BALTIMORE-SOA security gets more complex in the world of hosted services, cloud computing and software as a service. But approaches and specifications like Enterprise Integration Security Patterns, Web Services-Policy and Web Services-Security help alleviate some of the complexity.
In a keynote at the Web Services Security & SOA Conference and Expo here, Eric Newcomer, chief technology officer at Iona Technologies, said SOA is often deployed in heterogeneous environments where services abstract business logic from the underlying technology.
However, security federation is required to overcome the complexity and challenges of emerging heterogeneous systems in order to bridge domains and apply single sign-on opportunities, he said.
Moreover, the WS-Policy specification can be used as a bridge, “but care must be taken in publishing” services under this specification, Newcomer said.
WS-Policy provides a framework for describing the capabilities and requirements of a Web service. It can be used by Web service providers to configure and set requirements, and by Web service consumers to select alternatives that satisfy a producer’s requirements.
However, there are some “gaps” in the WS-Policy specification, Newcomer said. For instance, some security policies-such as the specification of key material-are not defined in the specification. And WS-Policy applications tend to be oriented toward SOAP (Simple Object Access Protocol) and HTTP as opposed to other types of protocols, he said. “Esoteric bindings and protocols require proprietary extensions,” he said.
Hal Lockhart, an engineer who works in the office of the CTO at Oracle’s BEA and is active in various OASIS groups, observed, “My attitude toward WS-Policy is it’s probably good enough to go out and use and get some field experience and see what works and what doesn’t.”
However, he said, “WS-Security provides you with a lot of options and flexibility-more possibilities to protect data and also use it for complex e-commerce scenarios to handle more complexity…”
Newcomer said Iona has some customers that “have been doing SOA for eight years now, starting with CORBA and now doing Web services.”
The company now has more than 1,000 Web services and is beginning to look at opportunities in hosted services, SAAS (software as a service) and cloud computing, and the security requirements involved. “Our business is helping companies with heterogeneous computing environments,” Newcomer said.
But several questions arise when it comes to securing such environments, such as how to best supply security for multiple middleware types in an application technology mixture where services exist at the endpoints.
Strategies for Heterogeneous Environments
Endpoints are where applications consume or provide a service, or, more simply, where they need to share data. The issue of security is further complicated when various policy and configuration mechanisms are in place, when multiple security and trust domains are employed, and when identity versus role-based authorization is used, Newcomer said. These widespread scenarios often occur in broad, heterogeneous environments.
“When hosted services, software as a service and cloud computing come into the picture and services are both inside and outside the company and you have to access external services, the situations get more complex because services can be anywhere on the Internet, running on any platform, hosted by anyone,” Newcomer said.
So enterprises need a good strategy for handling multiple security credentials in a heterogeneous SOA environment, he said.
“You want to set up something that recognizes various formats” such as user name tokens, he said.
A key strategy Iona recommends is the use of EISPs (Enterprise Integration Security Patterns). An EISP is a collection of patterns for security integration between disparate middleware technologies. There are three basic patterns: Message Protection, Token Propagation and Token Mediation.

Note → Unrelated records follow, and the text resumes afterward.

(* (a) If $\chi,\chi'\in M_{\mathbb{R}}$ differ by a real multiple of $\tau_d$, then $(r,p)(\chi)=(r,p)(\chi')$. (b) Let $\chi\in M$ be a weight, let $w\in\mathfrak{S}_d$, and let $\delta\in M_{\mathbb{R}}^{\mathfrak{S}_d}$ be a Weyl-invariant real weight. Then \[(r,p)(\chi+\rho+\delta)=(r,p)(w*\chi+\rho+\delta),\] where $w*\chi:=w(\chi+\rho)-\rho$.
   Context: Let $Q=(I,E)$ be a symmetric quiver (for all $i,j\in I$ the number of arrows $i\to j$ equals the number of arrows $j\to i$), with source and target maps $s,t:E\to I$. Fix $d=(d_i)_{i\in I}\in\mathbb{N}^I$. Let $R(d)=\bigoplus_{a\in E}\mathrm{Hom}(\mathbb{C}^{d_{s(a)}},\mathbb{C}^{d_{t(a)}})$ with $G(d)=\prod_{i\in I}GL(d_i)$ acting by conjugation. Standing assumption: the subquiver $Q^d$ of $Q$ with vertex set $\{i\in I: d_i\neq 0\}$ is connected and is not the quiver with one vertex and no arrows. Let $T(d)$ be the diagonal maximal torus, with weight lattice $M=\bigoplus_{i\in I,1\le j\le d_i}\mathbb{Z}\beta^i_j$ and $M_{\mathbb{R}}=M\otimes\mathbb{R}$. Let $\mathcal{W}$ be the multiset of $T(d)$-weights of $R(d)$: for each arrow $a:i\to j$ and each $1\le x\le d_i$, $1\le y\le d_j$, the weight $\beta^j_y-\beta^i_x$. Let $\tau_d:=\big(\sum_{i,j}\beta^i_j\big)/\big(\sum_i d_i\big)$. Define the region $\mathbb{W}:=\sum_{\beta\in\mathcal{W}}[0,\beta]+\mathbb{R}\tau_d\subset M_{\mathbb{R}}$ (Minkowski sum, one segment for each element of the multiset). For $\chi\in M_{\mathbb{R}}$, the $r$-invariant $r(\chi)$ is the smallest real $r\ge 0$ with $\chi\in r\mathbb{W}$. If $r(\chi)=r$, then $\chi=\sum_{\beta\in\mathcal{W}}c_\beta\beta+c\tau_d$ with $c\in\mathbb{R}$ and $-r\le c_\beta\le 0$ (one coefficient for each element of the multiset); the $p$-invariant $p(\chi)$ is the smallest number of coefficients $c_\beta$ equal to $-r$ among all such expressions, and $(r,p)(\chi):=(r(\chi),p(\chi))$. The Weyl group $\mathfrak{S}_d=\prod_{i\in I}\mathfrak{S}_{d_i}$ acts on $M_{\mathbb{R}}$ by $w\cdot\beta^i_j=\beta^i_{w^i(j)}$; $M_{\mathbb{R}}^{\mathfrak{S}_d}$ denotes the invariants. The positive roots of $G(d)$ are $\beta^i_a-\beta^i_b$ for $i\in I$ and $a<b$, and $\rho$ is half their sum. *)

From HB Require Import structures.
From mathcomp Require Import all_boot all_order all_algebra all_fingroup.
From mathcomp Require Import boolp classical_sets reals.
Unset Printing Implicit Defensive.
Import Order.TTheory GRing.Theory Num.Theory.
Local Open Scope ring_scope.

(* Least natural number satisfying a (classical) predicate; 0 if none. *)
Definition nat_min (P : nat -> Prop) : nat :=
  match pselect (exists n, `[< P n >]) with
  | left ex => ex_minn ex
  | right _ => 0%N
  end.

Section QuiverWeights.
Variables (R : realType) (I E : finType) (s t : E -> I) (d : I -> nat).

Definition symmetric_quiver : Prop :=
  forall i j : I, #|[set a | (s a == i) && (t a == j)]| = #|[set a | (s a == j) && (t a == i)]|.

(* Standing assumption on Q^d: vertices {i | d i != 0}. *)
Definition Qd_adj : rel I :=
  fun i j => [&& d i != 0%N, d j != 0%N & [exists a, (s a == i) && (t a == j)]].

Definition standing_assumption : Prop :=
  [/\ exists i, d i != 0%N,
      (forall i j, d i != 0%N -> d j != 0%N -> connect Qd_adj i j) &
      ~ (#|[set i | d i != 0%N]| = 1%N /\
         forall a, ~ (d (s a) != 0%N /\ d (t a) != 0%N))].

(* Index set of the basis beta^i_j of M, 0-indexed j < d i. *)
Definition Kidx := {i : I & 'I_(d i)}.
(* M_R = functions Kidx -> R (coordinates in the basis beta^i_j). *)
Definition MR := Kidx -> R.

Definition basis (i : I) (j : 'I_(d i)) : MR :=
  fun k => if k == Tagged (fun i => 'I_(d i)) j then 1 else 0.

(* Index set of the multiset of weights of R(d): (a, x, y). *)
Definition Widx := {a : E & ('I_(d (s a)) * 'I_(d (t a)))%type}.

Definition wt (b : Widx) : MR :=
  fun k => basis (t (tag b)) (tagged b).2 k - basis (s (tag b)) (tagged b).1 k.

Definition tau_d : MR :=
  fun k => (\sum_(i : I) \sum_(j : 'I_(d i)) basis i j k) / (\sum_(i : I) d i)%:R.

Definition in_W (x : MR) : Prop :=
  exists (l : Widx -> R) (c : R),
    (forall b, 0 <= l b <= 1) /\
    forall k, x k = \sum_(b : Widx) l b * wt b k + c * tau_d k.

Definition r_inv (chi : MR) : R :=
  inf [set r : R | 0 <= r /\ exists w : MR, in_W w /\ forall k, chi k = r * w k].

Definition p_inv (chi : MR) : nat :=
  let r := r_inv chi in
  nat_min (fun n => exists (c : Widx -> R) (c0 : R),
    [/\ forall b, - r <= c b <= 0,
        forall k, chi k = \sum_(b : Widx) c b * wt b k + c0 * tau_d k &
        #|[set b | c b == - r]| = n]).

(* Weyl group S_d = prod_i S_{d i}; action w . beta^i_j = beta^i_{w^i j} *)
Definition weyl_act (w : forall i : I, {perm 'I_(d i)}) (chi : MR) : MR :=
  fun k => chi (Tagged (fun i => 'I_(d i)) (((w (tag k))^-1)%g (tagged k))).

Definition weyl_invariant (delta : MR) : Prop :=
  forall w : (forall i : I, {perm 'I_(d i)}), forall k, weyl_act w delta k = delta k.

(* rho = half the sum of positive roots beta^i_a - beta^i_b, a < b *)
Definition rho : MR :=
  fun k => 2^-1 * \sum_(i : I) \sum_(a : 'I_(d i)) \sum_(b : 'I_(d i) | (a < b)%N)
             (basis i a k - basis i b k).

Definition dot_act (w : forall i : I, {perm 'I_(d i)}) (chi : MR) : MR :=
  fun k => weyl_act w (fun k' => chi k' + rho k') k - rho k.

End QuiverWeights.

(* (a) The region W contains the line R tau_d, so for r > 0 the vector chi lies
   in rW iff chi + c tau_d does, and an expansion of chi with coefficients in
   [-r, 0] turns into one of chi + c tau_d by changing only the coefficient of
   tau_d.
   (b) As delta is Weyl-invariant, w*chi + rho + delta = w(chi + rho + delta).
   The Weyl group acts by permuting coordinates; this permutes the multiset of
   weights of R(d) and fixes the constant vector tau_d, so it maps W onto itself
   and expansions to expansions with as many coefficients equal to -r. *)

From HB Require Import structures.
From mathcomp Require Import all_boot all_order all_algebra all_fingroup.
From mathcomp Require Import boolp classical_sets reals.
Import Order.TTheory GRing.Theory Num.Theory.
Local Open Scope ring_scope.

Section InfUpclosed.
Local Open Scope classical_set_scope.

Lemma inf_upclosed_pos {R : realType} (S : set R) :
  (forall r, S r -> 0 <= r) -> (forall r r', S r -> r <= r' -> S r') ->
  inf S = inf [set r | 0 < r /\ S r].
Proof.
move=> S_ge0 S_up; set P := [set r | 0 < r /\ S r].
have [[r Sr]|S0] := pselect (S !=set0); last first.
  have S_eq0 : S = set0 by apply/seteqP; split=> // r Sr; apply: S0; exists r.
  by congr inf; rewrite /P S_eq0; apply/seteqP; split=> // r [].
have P_r1 : P (r + 1).
  have r1_gt0 : 0 < r + 1 by rewrite ltr_wpDl ?S_ge0.
  by split=> //; apply: S_up Sr _; rewrite lerDl.
have lbS : has_lbound S by exists 0.
have lbP : has_lbound P by exists 0 => y [/ltW].
apply/eqP; rewrite eq_le; apply/andP; split.
  by apply: lb_le_inf; [exists (r + 1) | move=> y [_ /(ge_inf lbS)]].
apply: lb_le_inf; first by exists r.
move=> y Sy; apply/ler_addgt0Pr => e e_gt0; apply: ge_inf => //; split.
  by rewrite ltr_wpDl ?S_ge0.
by apply: S_up Sy _; rewrite lerDl ltW.
Qed.

End InfUpclosed.

Section QuiverInvariants.
Variables (R : realType) (I E : finType) (s t : E -> I) (d : I -> nat).
Local Notation MR := (MR R I d).
Local Notation K := (Kidx I d).
Local Notation W := (Widx I E s t d).
Local Notation basis := (basis R I d).
Local Notation wt := (wt R I E s t d).
Local Notation tau := (tau_d R I d).
Local Notation in_W := (in_W R I E s t d).
Local Notation r_inv := (r_inv R I E s t d).
Local Notation p_inv := (p_inv R I E s t d).
Local Notation weyl_act := (weyl_act R I d).

Lemma tau_dE k : tau k = (\sum_i d i)%:R^-1.
Proof.
rewrite /tau_d /=; suff -> : \sum_i \sum_(j < d i) basis i j k = 1 by rewrite mul1r.
case: k => i0 j0; rewrite (bigD1 i0) //= [X in _ + X]big1 => [|i ne_i]; last first.
  apply: big1 => j _; rewrite /basis ifF //; apply: contraNF ne_i => /eqP.
  by move/(congr1 tag) => /= ->.
rewrite addr0 (bigD1 j0) //= [X in _ + X]big1 => [|j ne_j].
  by rewrite /basis eqxx addr0.
by rewrite /basis eq_Tagged eq_sym (negbTE ne_j).
Qed.

Lemma in_W_scale q x : 0 <= q <= 1 -> in_W x -> in_W (fun k => q * x k).
Proof.
move=> /andP[q_ge0 q_le1] [l [c [l01 xE]]].
exists (fun b => q * l b), (q * c); split=> [b|k].
  by have /andP[l_ge0 l_le1] := l01 b; rewrite mulr_ge0 ?mulr_ile1.
rewrite xE mulrDr mulr_sumr mulrA; congr (_ + _).
by apply: eq_bigr => b _; rewrite mulrA.
Qed.

Lemma in_W_add_tau c x : in_W x -> in_W (fun k => x k + c * tau k).
Proof.
move=> [l [c0 [l01 xE]]]; exists l, (c0 + c); split=> // k.
by rewrite xE mulrDl addrA.
Qed.

Definition r_set (chi : MR) : set R :=
  [set r | 0 <= r /\ exists x, in_W x /\ forall k, chi k = r * x k].

Lemma r_invE chi : r_inv chi = inf (r_set chi). Proof. by []. Qed.

Lemma r_set_ge0 chi r : r_set chi r -> 0 <= r. Proof. by case. Qed.

Lemma r_set_upclosed chi r r' : r_set chi r -> r <= r' -> r_set chi r'.
Proof.
move=> [r_ge0 [x [Wx chiE]]] le_rr'; have r'_ge0 := le_trans r_ge0 le_rr'.
split=> //; have [r'0|r'_neq0] := eqVneq r' 0.
  have r0 : r = 0 by apply/le_anti; rewrite r_ge0 -r'0 le_rr'.
  by exists x; split=> // k; rewrite chiE r0 r'0.
have r'_gt0 : 0 < r' by rewrite lt0r r'_neq0.
exists (fun k => r / r' * x k); split.
  apply: in_W_scale => //; apply/andP; split; first exact: divr_ge0.
  by rewrite ler_pdivrMr // mul1r.
by move=> k; rewrite chiE mulrA mulrCA divff // mulr1.
Qed.

Lemma r_set_add_tau chi c r : 0 < r ->
  r_set chi r -> r_set (fun k => chi k + c * tau k) r.
Proof.
move=> r_gt0 [r_ge0 [x [Wx chiE]]]; split=> //.
exists (fun k => x k + c / r * tau k); split; first exact: in_W_add_tau.
by move=> k; rewrite chiE mulrDr !tau_dE mulrA mulrCA divff ?mulr1 // gt_eqF.
Qed.

Lemma r_inv_add_tau chi c : r_inv (fun k => chi k + c * tau k) = r_inv chi.
Proof.
have chiE : chi = fun k => chi k + c * tau k + (- c) * tau k.
  by apply: funext => k; rewrite mulNr addrK.
(* [r_set] itself is not shift invariant: it contains [0] only when [chi = 0]. *)
rewrite !r_invE !(inf_upclosed_pos _ (@r_set_ge0 _) (@r_set_upclosed _)).
congr inf; apply/seteqP; split=> r [r_gt0 chi_r]; split=> //.
  by rewrite chiE; apply: r_set_add_tau.
exact: r_set_add_tau.
Qed.

Definition expansion_with_count (r : R) (chi : MR) (n : nat) : Prop :=
  exists (c : W -> R) (c0 : R),
    [/\ forall b, - r <= c b <= 0,
        forall k, chi k = \sum_b c b * wt b k + c0 * tau k &
        #|[set b | c b == - r]| = n].

Lemma p_invE chi : p_inv chi = nat_min (expansion_with_count (r_inv chi) chi).
Proof. by []. Qed.

Lemma expansion_with_count_add_tau r chi c n :
  expansion_with_count r chi n ->
  expansion_with_count r (fun k => chi k + c * tau k) n.
Proof.
move=> [l [c0 [l_bound chiE count_l]]]; exists l, (c0 + c); split=> // k.
by rewrite chiE mulrDl addrA.
Qed.

Lemma p_inv_add_tau chi c : p_inv (fun k => chi k + c * tau k) = p_inv chi.
Proof.
rewrite !p_invE r_inv_add_tau; congr nat_min.
apply: funext => n; apply: propext; split; last exact: expansion_with_count_add_tau.
move/(@expansion_with_count_add_tau _ _ (- c)).
by congr expansion_with_count; apply: funext => k; rewrite mulNr addrK.
Qed.

Section CoordinatePermutation.
Context {f : K -> K} {g : {perm W}}.
Hypothesis wt_comp : forall b k, wt b (f k) = wt (g b) k.

Lemma expansion_comp chi (c : W -> R) c0 :
  (forall k, chi k = \sum_b c b * wt b k + c0 * tau k) ->
  forall k, chi (f k) = \sum_b c ((g^-1)%g b) * wt b k + c0 * tau k.
Proof.
move=> chiE k; rewrite chiE !tau_dE; congr (_ + _).
rewrite [RHS](reindex_inj (@perm_inj _ g)).
by apply: eq_bigr => b _; rewrite permK wt_comp.
Qed.

Lemma r_set_comp chi : (r_set chi `<=` r_set (chi \o f))%classic.
Proof.
move=> r [r_ge0 [x [[l [c0 [l01 xE]]] chiE]]]; split=> //.
exists (x \o f); split=> [|k]; last exact: chiE.
exists (fun b => l ((g^-1)%g b)), c0; split=> //; exact: expansion_comp.
Qed.

Lemma expansion_with_count_comp chi r n :
  expansion_with_count r chi n -> expansion_with_count r (chi \o f) n.
Proof.
move=> [l [c0 [l_bound chiE count_l]]].
exists (fun b => l ((g^-1)%g b)), c0; split=> //; first exact: expansion_comp.
rewrite -count_l -(card_preimset _ (@perm_inj _ g)).
by apply: eq_card => b; rewrite !inE permK.
Qed.

End CoordinatePermutation.

Definition weyl_inv (w : forall i, {perm 'I_(d i)}) i := ((w i)^-1)%g.

Definition weyl_idx (w : forall i, {perm 'I_(d i)}) (k : K) : K :=
  Tagged (fun i => 'I_(d i)) ((weyl_inv w (tag k)) (tagged k)).

Definition weyl_arrow (w : forall i, {perm 'I_(d i)}) (b : W) : W :=
  Tagged (fun a => ('I_(d (s a)) * 'I_(d (t a)))%type)
    (w (s (tag b)) (tagged b).1, w (t (tag b)) (tagged b).2).

Lemma weyl_actE w x : weyl_act w x = x \o weyl_idx w. Proof. by []. Qed.

Section WeylAction.
Variable w : forall i, {perm 'I_(d i)}.

Lemma weyl_idxK : cancel (weyl_idx w) (weyl_idx (weyl_inv w)).
Proof. by case=> i j; rewrite /weyl_idx /weyl_inv /= invgK permKV. Qed.

Lemma weyl_idxVK : cancel (weyl_idx (weyl_inv w)) (weyl_idx w).
Proof. by case=> i j; rewrite /weyl_idx /weyl_inv /= invgK permK. Qed.

Lemma weyl_arrowK : cancel (weyl_arrow w) (weyl_arrow (weyl_inv w)).
Proof. by case=> a [x y]; rewrite /weyl_arrow /weyl_inv /= !permK. Qed.

Definition weyl_arrow_perm : {perm W} := perm (can_inj weyl_arrowK).

Lemma basis_weyl i j k : basis i j (weyl_idx w k) = basis i (w i j) k.
Proof.
have wjE : weyl_idx w (Tagged (fun i => 'I_(d i)) (w i j)) = Tagged _ j.
  by rewrite /weyl_idx /weyl_inv /= permK.
by rewrite /basis -[in LHS]wjE (inj_eq (can_inj weyl_idxK)).
Qed.

Lemma wt_weyl b k : wt b (weyl_idx w k) = wt (weyl_arrow_perm b) k.
Proof. by rewrite /wt permE !basis_weyl. Qed.

Lemma weyl_actK : cancel (weyl_act w) (weyl_act (weyl_inv w)).
Proof. by move=> x; apply: funext => k; rewrite !weyl_actE /= weyl_idxVK. Qed.

End WeylAction.

Lemma r_inv_weyl w x : r_inv (weyl_act w x) = r_inv x.
Proof.
have r_set_weyl w' y : (r_set y `<=` r_set (weyl_act w' y))%classic.
  by rewrite weyl_actE; exact: (r_set_comp (wt_weyl w') y).
rewrite !r_invE; congr inf; apply/seteqP; split; last exact: r_set_weyl.
by move=> r /(r_set_weyl (weyl_inv w)); rewrite weyl_actK.
Qed.

Lemma p_inv_weyl w x : p_inv (weyl_act w x) = p_inv x.
Proof.
have expansion_weyl w' y r n :
    expansion_with_count r y n -> expansion_with_count r (weyl_act w' y) n.
  by rewrite weyl_actE; exact: (expansion_with_count_comp (wt_weyl w') y).
rewrite !p_invE r_inv_weyl; congr nat_min; apply: funext => n; apply: propext.
split; last exact: expansion_weyl.
by move/(expansion_weyl (weyl_inv w)); rewrite weyl_actK.
Qed.

Lemma dot_act_weyl w chi delta : weyl_invariant R I d delta ->
  (fun k => dot_act R I d w chi k + rho R I d k + delta k)
  = weyl_act w (fun k => chi k + rho R I d k + delta k).
Proof.
by move=> delta_inv; apply: funext => k; rewrite /dot_act subrK -(delta_inv w k).
Qed.

End QuiverInvariants.

Theorem proposition3p1 (R : realType) (I E : finType) (s t : E -> I) (d : I -> nat)
  (Hsym : symmetric_quiver I E s t) (Hst : standing_assumption I E s t d) :
  (forall (chi chi' : MR R I d) (c : R),
     (forall k, chi' k = chi k + c * tau_d R I d k) ->
     r_inv R I E s t d chi = r_inv R I E s t d chi' /\
     p_inv R I E s t d chi = p_inv R I E s t d chi') /\
  (forall (chi : Kidx I d -> int) (w : forall i : I, {perm 'I_(d i)}) (delta : MR R I d),
     weyl_invariant R I d delta ->
     let x : MR R I d := fun k => (chi k)%:~R + rho R I d k + delta k in
     let y : MR R I d := fun k => dot_act R I d w (fun k' => (chi k')%:~R) k + rho R I d k + delta k in
     r_inv R I E s t d x = r_inv R I E s t d y /\ p_inv R I E s t d x = p_inv R I E s t d y).
Proof.
split=> [chi chi' c chi'E | chi w delta delta_inv x y].
  have -> : chi' = (fun k => chi k + c * tau_d R I d k) by apply: funext.
  by rewrite r_inv_add_tau p_inv_add_tau.
by rewrite /y dot_act_weyl // r_inv_weyl p_inv_weyl.
Qed.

The Message Protection pattern is where an intermediate forms a trusted point for protocol bridging, Newcomer said. In this scenario, all messages sent to and from the intermediate are cryptographically protected and can use a variety of technologies including TLS (Transport Layer Security), WS-Security and GSS (Generic Security Services) Kerberos. However, no client identity information is propagated. To mitigate this, developers can build identity information into their applications.
The Token Propagation pattern involves the replication of credential information, such as user names and passwords, across tiers, Newcomer said, while the Token Mediation pattern involves enabling an intermediate to exchange inbound security tokens via a Security Token Service such as Web Services-Trust.
Newcomer said all three patterns enhance security in heterogeneous SOA environments and are more or less useful depending on the situation.
Iona offers its own Iona Security Framework, which is a stand-alone application supporting single sign-on in distributed, heterogeneous environments and delivering distributed access control.